Update: Just before this went live, I started seeing reports (warning for graphic images) that the Turkish police are adding chemical agents (likely some kind of pepper spray) to the water cannons they’re using on the crowds of protesters. Nothing confirmed yet, but I think we can all agree that blasting protesters with chemical agents is definitely something that all stable, elected governments of free societies do from time to time, can’t we?

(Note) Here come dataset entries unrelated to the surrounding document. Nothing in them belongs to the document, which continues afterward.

(* Let $\mathcal C$ be a hyper-extensive category and $H\colon\mathcal C\to\mathcal C$ a functor preserving countable coproducts and having a terminal coalgebra $t\colon\nu H\to H(\nu H)$. Then the following four categories are isomorphic: (1) the Eilenberg–Moore category $\mathcal C^{\mathbb T}$ of the free-cia monad $\mathbb T$; (2) the slice category $\nu H/\mathrm{Alg}\,H$; (3) the category of Bloom algebras for $H$; (4) the category of complete Elgot algebras for $H$.
   Context: Hyper-extensive category: countable coproducts that are universal (pullbacks along arbitrary morphisms exist and preserve them), disjoint (injections monic, pairwise pullbacks initial), and coherent (a countable family of pairwise disjoint coproduct injections has copairing a coproduct injection). $\mathrm{Alg}\,H$ is the category of $H$-algebras; $(\nu H,t^{-1})$ is an $H$-algebra. An $H$-algebra $a\colon HA\to A$ is a cia if every $e\colon X\to HX+A$ has a unique solution, i.e. $s$ with $s=[a,\mathrm{id}_A]\cdot(Hs+\mathrm{id}_A)\cdot e$. Under the hypotheses, for every $Y$ a free cia $TY$ on $Y$ exists (with universal map $\eta_Y$); $\mathbb T$ is the resulting monad with unit $\eta$ and multiplication $\mu_Y\colon TTY\to TY$ the unique $H$-algebra morphism extending $\mathrm{id}_{TY}$. The slice $\nu H/\mathrm{Alg}\,H$ has objects $H$-algebra morphisms $(\nu H,t^{-1})\to(A,a)$ and morphisms commuting triangles of algebra morphisms. For $e\colon X\to HX+Y$ and $h\colon Y\to Z$ write $h\bullet e=(HX+h)\cdot e$. A complete Elgot algebra is $(A,a,\dagger)$ with $a\colon HA\to A$ and $\dagger$ assigning to each $e\colon X\to HX+A$ a solution $e^\dagger\colon X\to A$ such that (Functoriality) if $e\colon X\to HX+A$, $f\colon Y\to HY+A$ and $h\colon X\to Y$ satisfy $f\cdot h=(Hh+A)\cdot e$, then $f^\dagger\cdot h=e^\dagger$; (Compositionality) for $e\colon X\to HX+Y$ and $f\colon Y\to HY+A$, with $e\oplus f=(\mathrm{can}+A)\cdot(HX+f)\cdot[e,\mathrm{inr}]\colon X+Y\to H(X+Y)+A$ where $\mathrm{can}=[H\mathrm{inl},H\mathrm{inr}]\colon HX+HY\to H(X+Y)$, one has $(e\oplus f)^\dagger\cdot\mathrm{inl}=(f^\dagger\bullet e)^\dagger$. Morphisms $(A,a,\dagger)\to(B,b,\ddagger)$ of complete Elgot algebras are $h\colon A\to B$ with $h\cdot e^\dagger=(h\bullet e)^\ddagger$ for all $e\colon X\to HX+A$. A Bloom algebra is $(A,a,\dagger)$ with $a\colon HA\to A$ and $\dagger$ assigning to each coalgebra $e\colon X\to HX$ a morphism $e^\dagger\colon X\to A$ with $e^\dagger=a\cdot He^\dagger\cdot e$, such that for every coalgebra morphism $h\colon(X,e)\to(Y,f)$ one has $f^\dagger\cdot h=e^\dagger$. Morphisms of Bloom algebras are $H$-algebra morphisms $h$ with $h\cdot e^\dagger=e^\ddagger$ for all coalgebras $e$. *)

Record Category : Type := {
  Ob : Type;
  Hom : Ob -> Ob -> Type;
  idm : forall a, Hom a a;
  comp : forall a b c, Hom b c -> Hom a b -> Hom a c }.
Arguments Hom {_} _ _.
Arguments idm {_} _.
Arguments comp {_ _ _ _} _ _.
Notation "g ∘ f" := (comp g f) (at level 40, left associativity).

Definition IsCategory (C : Category) : Prop :=
  (forall (a b : Ob C) (f : Hom a b), idm b ∘ f = f) /\
  (forall (a b : Ob C) (f : Hom a b), f ∘ idm a = f) /\
  (forall (a b c d : Ob C) (f : Hom a b) (g : Hom b c) (h : Hom c d),
      h ∘ (g ∘ f) = (h ∘ g) ∘ f).

Record Functor (C D : Category) : Type := {
  fobj : Ob C -> Ob D;
  fmor : forall a b, Hom a b -> Hom (fobj a) (fobj b) }.
Arguments fobj {C D} _ _.
Arguments fmor {C D} _ {a b} _.

Definition IsFunctor {C D : Category} (F : Functor C D) : Prop :=
  (forall a, fmor F (idm a) = idm (fobj F a)) /\
  (forall (a b c : Ob C) (f : Hom a b) (g : Hom b c),
      fmor F (g ∘ f) = fmor F g ∘ fmor F f).

Record BinCoprod (C : Category) : Type := {
  cp : Ob C -> Ob C -> Ob C;
  cinl : forall A B, Hom A (cp A B);
  cinr : forall A B, Hom B (cp A B);
  copair : forall A B Z, Hom A Z -> Hom B Z -> Hom (cp A B) Z }.
Arguments cp {C} _ _ _.
Arguments cinl {C} _ {A B}.
Arguments cinr {C} _ {A B}.
Arguments copair {C} _ {A B Z} _ _.

Definition IsBinCoprod {C : Category} (K : BinCoprod C) : Prop :=
  forall (A B Z : Ob C) (f : Hom A Z) (g : Hom B Z),
    copair K f g ∘ cinl K = f /\ copair K f g ∘ cinr K = g /\
    (forall h : Hom (cp K A B) Z, h ∘ cinl K = f -> h ∘ cinr K = g -> h = copair K f g).

Definition Countable (I : Type) : Prop :=
  exists f : I -> nat, forall x y, f x = f y -> x = y.

Section Limits.
Context {C : Category}.

Definition IsCoproduct {I : Type} (A : I -> Ob C) (P : Ob C)
  (inj : forall i, Hom (A i) P) : Prop :=
  forall (Z : Ob C) (f : forall i, Hom (A i) Z),
    exists! g : Hom P Z, forall i, g ∘ inj i = f i.

Definition HasCountableCoproducts : Prop :=
  forall I : Type, Countable I -> forall A : I -> Ob C,
    exists (P : Ob C) (inj : forall i, Hom (A i) P), IsCoproduct A P inj.

Definition IsInitial (Z : Ob C) : Prop := forall X : Ob C, exists! f : Hom Z X, True.

Definition IsPullback {A B D : Ob C} (f : Hom A D) (g : Hom B D)
  (P : Ob C) (p1 : Hom P A) (p2 : Hom P B) : Prop :=
  f ∘ p1 = g ∘ p2 /\
  forall (Q : Ob C) (q1 : Hom Q A) (q2 : Hom Q B), f ∘ q1 = g ∘ q2 ->
    exists! u : Hom Q P, p1 ∘ u = q1 /\ p2 ∘ u = q2.

Definition Monic {A B : Ob C} (m : Hom A B) : Prop :=
  forall (Z : Ob C) (x y : Hom Z A), m ∘ x = m ∘ y -> x = y.

Definition IsCoprodInj {A B : Ob C} (m : Hom A B) : Prop :=
  exists (A' : Ob C) (m' : Hom A' B),
    IsCoproduct (fun b : bool => if b then A else A') B
      (fun b : bool => match b as b0 return Hom (if b0 then A else A') B with
                       | true => m | false => m' end).

Definition Disjoint {A1 A2 B : Ob C} (m1 : Hom A1 B) (m2 : Hom A2 B) : Prop :=
  exists (Q : Ob C) (p1 : Hom Q A1) (p2 : Hom Q A2),
    IsPullback m1 m2 Q p1 p2 /\ IsInitial Q.

Definition HyperExtensive : Prop :=
  HasCountableCoproducts /\
  (forall I : Type, Countable I -> forall (A : I -> Ob C) (P : Ob C)
     (inj : forall i, Hom (A i) P), IsCoproduct A P inj ->
     forall (B : Ob C) (h : Hom B P),
       (forall i, exists (Bi : Ob C) (ri : Hom Bi (A i)) (qi : Hom Bi B),
            IsPullback (inj i) h Bi ri qi) /\
       (forall (Bi : I -> Ob C) (ri : forall i, Hom (Bi i) (A i))
               (qi : forall i, Hom (Bi i) B),
          (forall i, IsPullback (inj i) h (Bi i) (ri i) (qi i)) ->
          IsCoproduct Bi B qi)) /\
  (forall I : Type, Countable I -> forall (A : I -> Ob C) (P : Ob C)
     (inj : forall i, Hom (A i) P), IsCoproduct A P inj ->
     (forall i, Monic (inj i)) /\
     (forall i j, i <> j -> Disjoint (inj i) (inj j))) /\
  (forall I : Type, Countable I -> forall (A : I -> Ob C) (B : Ob C)
     (m : forall i, Hom (A i) B),
     (forall i, IsCoprodInj (m i)) ->
     (forall i j, i <> j -> Disjoint (m i) (m j)) ->
     forall (P : Ob C) (inj : forall i, Hom (A i) P) (g : Hom P B),
       IsCoproduct A P inj -> (forall i, g ∘ inj i = m i) -> IsCoprodInj g).

End Limits.

Definition PreservesCountableCoproducts {C : Category} (H : Functor C C) : Prop :=
  forall I : Type, Countable I -> forall (A : I -> Ob C) (P : Ob C)
    (inj : forall i, Hom (A i) P), IsCoproduct A P inj ->
    IsCoproduct (fun i => fobj H (A i)) (fobj H P) (fun i => fmor H (inj i)).

Definition IsTerminalCoalg {C : Category} (H : Functor C C) {nu : Ob C}
  (t : Hom nu (fobj H nu)) : Prop :=
  forall (X : Ob C) (e : Hom X (fobj H X)),
    exists! h : Hom X nu, t ∘ h = fmor H h ∘ e.

(* ---------- Isomorphism of categories of structured objects over C ----------
   Each of the four categories is a category of objects with structure over C,
   whose morphisms are the C-morphisms between carriers satisfying a property,
   with identity and composition those of C. *)

Record ConcreteCat (C : Category) : Type := {
  CO : Type;
  CU : CO -> Ob C;
  CM : forall x y : CO, Hom (CU x) (CU y) -> Prop }.
Arguments CO {C} _.
Arguments CU {C} _ _.
Arguments CM {C} _ {x y} _.

Definition CHom {C : Category} (S : ConcreteCat C) (x y : CO S) : Type :=
  { h : Hom (CU S x) (CU S y) | CM S h }.

Definition Bij {A B : Type} (f : A -> B) : Prop :=
  exists g : B -> A, (forall x, g (f x) = x) /\ (forall y, f (g y) = y).

Definition CatIso {C : Category} (S1 S2 : ConcreteCat C) : Prop :=
  exists (fo : CO S1 -> CO S2)
         (fm : forall x y, CHom S1 x y -> CHom S2 (fo x) (fo y)),
    Bij fo /\ (forall x y, Bij (fm x y)) /\
    (forall x (i : CHom S1 x x), proj1_sig i = idm (CU S1 x) ->
        proj1_sig (fm x x i) = idm (CU S2 (fo x))) /\
    (forall x y z (f : CHom S1 x y) (g : CHom S1 y z) (gf : CHom S1 x z),
        proj1_sig gf = proj1_sig g ∘ proj1_sig f ->
        proj1_sig (fm x z gf) = proj1_sig (fm y z g) ∘ proj1_sig (fm x y f)).

Section Algebras.
Context {C : Category} (K : BinCoprod C) (H : Functor C C).

Local Notation HO := (fobj H).
Local Notation HM := (fmor H).
Local Notation "A ⊕ B" := (cp K A B) (at level 50, left associativity).

Definition sum_map {A B A' B' : Ob C} (f : Hom A A') (g : Hom B B')
  : Hom (A ⊕ B) (A' ⊕ B') := copair K (cinl K ∘ f) (cinr K ∘ g).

Syria: Most of the actual violence in Syria right now centers on the crucial northern city of Aleppo. Aleppo has been in a kind of stalemate for a year or so, with rebels holding the north and east of the city and government forces holding the south and west, as well as the airport in the east. Aleppo became the government’s next target after taking Qusayr, and it is directing its forces and its Hizbullah allies against rebel positions there. The rebels, lovely folks who for their part massacred 60 Shi’a residents in the eastern town of Hatla this week, claim that they’ve checked government advances to the north of the city. The bigger news this week with respect to Syria was that the United States has decided to directly arm those rebels, because 150 people were killed in apparent chemical attacks by the Syrian government. The ~92,000 or so people who were killed because the government or the rebels shot them or blew them up didn’t really concern us. For those who have misgivings about this, fear not: our involvement is probably only going to “escalate gradually.” That’s a relief.

Brazil: Police celebrated today’s Italy vs. Mexico Confederation’s Cup match by using tear gas and rubber bullets on a crowd of about 3000-5000 in Rio de Janeiro. The crowd was attempting to enter the stadium to protest the Brazilian government’s decision to spend ridiculous sums of money to host some soccer games, arguing that said money might be better spent helping poor kids get an education and/or helping poor sick people get medical care. I know, hippies, right? Always with their priorities out of line.

Zambia: Government forces killed 2 “illegal settlers” who they were trying to remove from the Zambia National Service’s Airport Farms in Kampasa. Local residents apparently settled on government territory belonging to the ZNS, who thought that the best way to evict them was to shoot live ammo at them. The Zambian government “regrets” the deaths, so that’s nice.